41. In the case of Malawi Railways Ltd vs Nyasulu [1998] MWSC 3, Malawi Supreme Court of Appeal stated as doth when the learned judges cited with approval an article by Sir Jack Jacob entitled “The Present Importance of Pleadings” published in [1960] Current Legal Problems at p 174 whereof the learned author posited that: -“As the parties are adversaries, it is left to each one of them to formulate his case in his own way subject to the basic rules of pleadings …….for the sake of certainty and finality; each party is bound by his own pleadings and cannot be allowed to raise a different fresh case without due amendment properly made. Each party thus knows the case he has to meet and cannot be taken by surprise at the trial. The court itself is as bound by the pleadings of the parties as they are themselves. It is no part of the duty court to enter upon any inquiry into the case before it other than to adjudicate upon the specific matters in dispute which the parties themselves have raised by the pleadings. Indeed, the court would be acting contrary to its own character and nature if it were to pronounce any claim or defence not made by the parties. To do so would be to enter upon the realm of speculation. Moreover in such event, the parties themselves, or at any rate one of them might well feel aggrieved; for a decision given on a claim or defence not made or raised by or against a party is equivalent to not hearing him at all and thus be a denial of justice….In the adversarial system of litigation therefore, it is the parties themselves who set the agenda for the trial by their pleadings and neither party can complain if the agenda is strictly adhered to. In such an agenda, there is no room for an item called “Any Other Business” in the sense that points other than those specific may be raised without notice.”

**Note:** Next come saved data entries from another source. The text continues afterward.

Theorem mainTheorem13 (p : nat) (R : realType) (C : closedFieldType) (F : fieldType)
    (abs : C -> R) (iota : {rmorphism F -> C}) (u : F)
    (d : nat) (phi : 'M[F]_d) (Fil : int -> 'M[F]_d) (N : nat) :
  prime p -> odd p ->
  padic_setting abs iota p ->
  top_generator abs iota p u ->
  filtered_phi_module phi Fil ->
  H_rank abs iota (in_LN abs iota p phi Fil u N) d.
Proof.
move=> p_prime _ [[abs_ge0 abs_eq0] absM absD absp [complete completeF _]] [u_close _] Fil_phi.
apply: (H_rank_LN abs_ge0 abs_eq0 absM absD complete p_prime absp completeF N _ Fil_phi).
apply: le_lt_trans u_close _.
by rewrite invf_lt1 ?ltr0n ?prime_gt0 // ltr1n prime_gt1.
Qed.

42. On the other hand the Supreme Court of Kenya in its ruling on inter alia scrutiny in the case of Raila Amolo Odinga & Another vs. IEBC & 2 others (2017) eKLR found and held as follows in respect to the essence of pleadings in an election petition: -“In absence of pleadings, evidence if any, produced by the parties, cannot be considered. It is also a settled legal proposition that no party should be permitted to travel beyond its pleadings and parties are bound to take all necessary and material facts in support of the case set up by them. Pleadings ensure that each side is fully alive to the questions that are likely to be raised and they may have an opportunity of placing the relevant evidence before the court for its consideration. The issues arise only when a material proposition of fact or law is affirmed by one party and denied by the other party. Therefore, it is neither desirable nor permissible for a court to frame an issue not arising on the pleadings…...’”

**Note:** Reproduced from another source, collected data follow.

(* Let $\lambda\in\Lambda$ (single-hop). For every $q\in\mathbb R_+^N$, $\Delta(q)$ is the unique optimal solution of the problem: minimize $L(r)$ over $r\in\mathbb R_+^N$ subject to $\xi\cdot r\ge\xi\cdot q$ for all $\xi\in\Xi^+(\lambda)$.
   Context: Single-hop network with $N$ queues and finite $\mathcal S\subset\mathbb R_+^N$; $f:\mathbb R_+\to\mathbb R_+$ differentiable, strictly increasing, $f(0)=0$; $L(q)=\sum_n\int_0^{q_n}f$. $\langle\mathcal S\rangle$ convex hull; $\Lambda=\{\lambda\in\mathbb R_+^N:\lambda\le\sigma$ for some $\sigma\in\langle\mathcal S\rangle\}$. $E$ = set of extreme points of $\{\xi\in\mathbb R_+^N:\max_{\pi\in\mathcal S}\xi\cdot\pi\le1\}$; $\mathcal S^*$ = maximal elements of $E$ (componentwise order); $\Xi(\lambda)=\{\xi\in\mathcal S^*:\xi\cdot\lambda=1\}$; $\Xi^+(\lambda)=\{\xi\in E:\xi\cdot\lambda=1\}$. Lifting map: $\Delta(q)$ is the unique minimizer of $L(r)$ over $r\in\mathbb R_+^N$ s.t. $\xi\cdot r\ge\xi\cdot q$ for all $\xi\in\Xi(\lambda)$ and $r_n\le q_n$ for all $n$ with $\lambda_n=0$. *)

From Stdlib Require Import Reals Lra List ClassicalEpsilon.
Import ListNotations.
Open Scope R_scope.

(* Vectors of R^N are functions nat -> R; R_+^N = nonnegative on indices < N
   and (by convention) zero on indices >= N, so that equality of vectors is
   Leibniz equality. *)
Definition Rp (N : nat) (x : nat -> R) : Prop :=
  (forall n, (n < N)%nat -> 0 <= x n) /\ (forall n, (N <= n)%nat -> x n = 0).

Definition sumR (l : list R) : R := fold_right Rplus 0 l.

43. It is not my duty to amend the contract and insert into it a further sum of 80,422,333. 30. the plaintiff may have done some of the works. However, he did not pursue and get a final certificate for the remainder of the works. He did not get any variation for the works outside the contract. They are bound by the contract they entered into.
44. There is no prayer for me to dispense with any requirement of the contract. All certificates were paid. The purported draft final certificates are extra contractual. In the case of National Bank of Kenya Ltd v Pipeplastic Samkolit (K) Ltd & another [2001] eKLR, the court of Appeal, Tunoi, Shah & Keiwua JJ A, stated as doth: -“Court of law cannot re-write a contract between the parties. The parties are bound by the terms of their contract, unless coercion, fraud or undue influence are pleaded and proved. There was not the remotest suggestion of coercion, fraud or undue influence in regard to the terms of the charge.As was stated by Shah JA in the case of Fina Bank Limited vs Spares & Industries Limited (Civil Appeal No 51 of 2000) (unreported):“It is clear beyond peradventure that save for those special cases where equity might be prepared to relieve a party from a bad bargain, it is ordinarily no part of equity’s function to allow a party to escape from a bad bargain”.

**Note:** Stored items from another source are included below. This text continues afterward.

(* Let $A$ be a simple marked arrangement of $n$ pseudolines, drawn as a wiring diagram, and let $m,k,u,m',k',u'$ be nonnegative integers with $k \leq m$ and $k \leq n-u$. Then \[|\Gamma(m,k,u,m',k',u')| \leq \binom{n-u}{k}\left(\frac{m}{n-u}\right)^k 2^{n-k-u}.\] Symmetrically, if $k' \leq m'$ and $k' \leq n-u'$, then \[|\Gamma(m,k,u,m',k',u')| \leq \binom{n-u'}{k'}\left(\frac{m'}{n-u'}\right)^{k'} 2^{n-k'-u'}.\]
   Context: An arrangement of pseudolines is a finite set of simple curves in the plane, each extending to infinity in both directions, every two intersecting in exactly one point where they cross; simple means no three share a point; marked means an unbounded cell is distinguished as the north-cell, and the south-cell is the cell on the opposite side of every pseudoline. The arrangement is drawn as a wiring diagram: the pseudolines lie on $n$ horizontal wires except near crossings, where two pseudolines on neighboring wires swap wires; the north-cell is the cell above all wires and the south-cell the cell below all wires. A cutpath is a directed path from the north-cell to the south-cell in the dual graph (vertices are cells, edges correspond to shared pseudoline edges, oriented from north side to south side); equivalently, a cutpath moves from cell to cell, each time leaving the current cell by crossing one of the pseudolines bounding it from below. For a cell $c$, let $d$ be the number of edges bounding it from below (''exits''), labelled $1,\dots,d$ from left to right. If $d=1$ the single exit is the unique exit of $c$; if $d\geq 2$, exit $1$ is the left exit, exit $d$ the right exit, and exits $2,\dots,d-1$ are middle exits. The reversed view of a cutpath is obtained by rotating the plane by $180$ degrees (so the south-cell becomes the top cell) and reading the cutpath from the south-cell to the north-cell, with exits defined in the same way in the rotated picture. $\Gamma(m,k,u,m',k',u')$ is the set of cutpaths of $A$ such that, viewed from the north-cell to the south-cell, the number of middle exits taken is $k$, the number of unique exits taken is $u$, and the total number of middle exits of all visited cells (taken or not) is $m$; and in the reversed view the corresponding numbers are $k'$, $u'$, $m'$. *)

From mathcomp Require Import all_boot all_order all_algebra.
Set Implicit Arguments. Unset Strict Implicit. Unset Printing Implicit Defensive.

(* Wiring diagrams.  A wiring diagram of n pseudolines is a word w : seq nat *)
(* of crossings; crossing number t (0-based) has position i = nth 0 w t     *)
(* (with i < n-1) and swaps the pseudolines currently on wire positions i   *)
(* and i.+1 (positions 0..n-1 counted from the top).  Pseudolines are       *)
(* labelled by their initial wire position.  Columns 0..size w: crossing t  *)
(* lies between column t and column t.+1.                                   *)

Definition swap_at (s : seq nat) (i : nat) : seq nat :=
  set_nth 0 (set_nth 0 s i (nth 0 s i.+1)) i.+1 (nth 0 s i).

(* which pseudoline is on which wire position just before crossing t *)
Definition wstate (n : nat) (w : seq nat) (t : nat) : seq nat :=
  foldl swap_at (iota 0 n) (take t w).

Definition crosses (n : nat) (w : seq nat) (t p q : nat) : bool :=
  let s := wstate n w t in
  let i := nth 0 w t in
  ((nth 0 s i == p) && (nth 0 s i.+1 == q)) ||
  ((nth 0 s i == q) && (nth 0 s i.+1 == p)).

45. Further, it is not in dispute that the contracted amount, properly-so-called; consideration in the law of contracts, was Ksh. 125,125,179. 45 inclusive of VAT subject to variations and fluctuations in terms of the contract.
46. The parties proved that the defendant already paid the Plaintiff a sum of Ksh. 110,508,588. 20 constituted as stated below and referred to its Final Accounts in evidence:i.Interim Payment Certificate No. 1 Dated 13th January 2015, for Ksh. 24,040,333/=;ii.Interim Payment Certificate No. 2 Dated 13th October 2015 for Ksh. 24,969,870/=;iii.Interim Payment Certificate No. 3 for Ksh. 21,037,957. 20/=iv.Interim Payment Certificate No. 4 Dated 24th February 2016v.Interim Payment Certificate No. 5 Dated 14th June 2016 for Ksh. 11,310,058. 00/=.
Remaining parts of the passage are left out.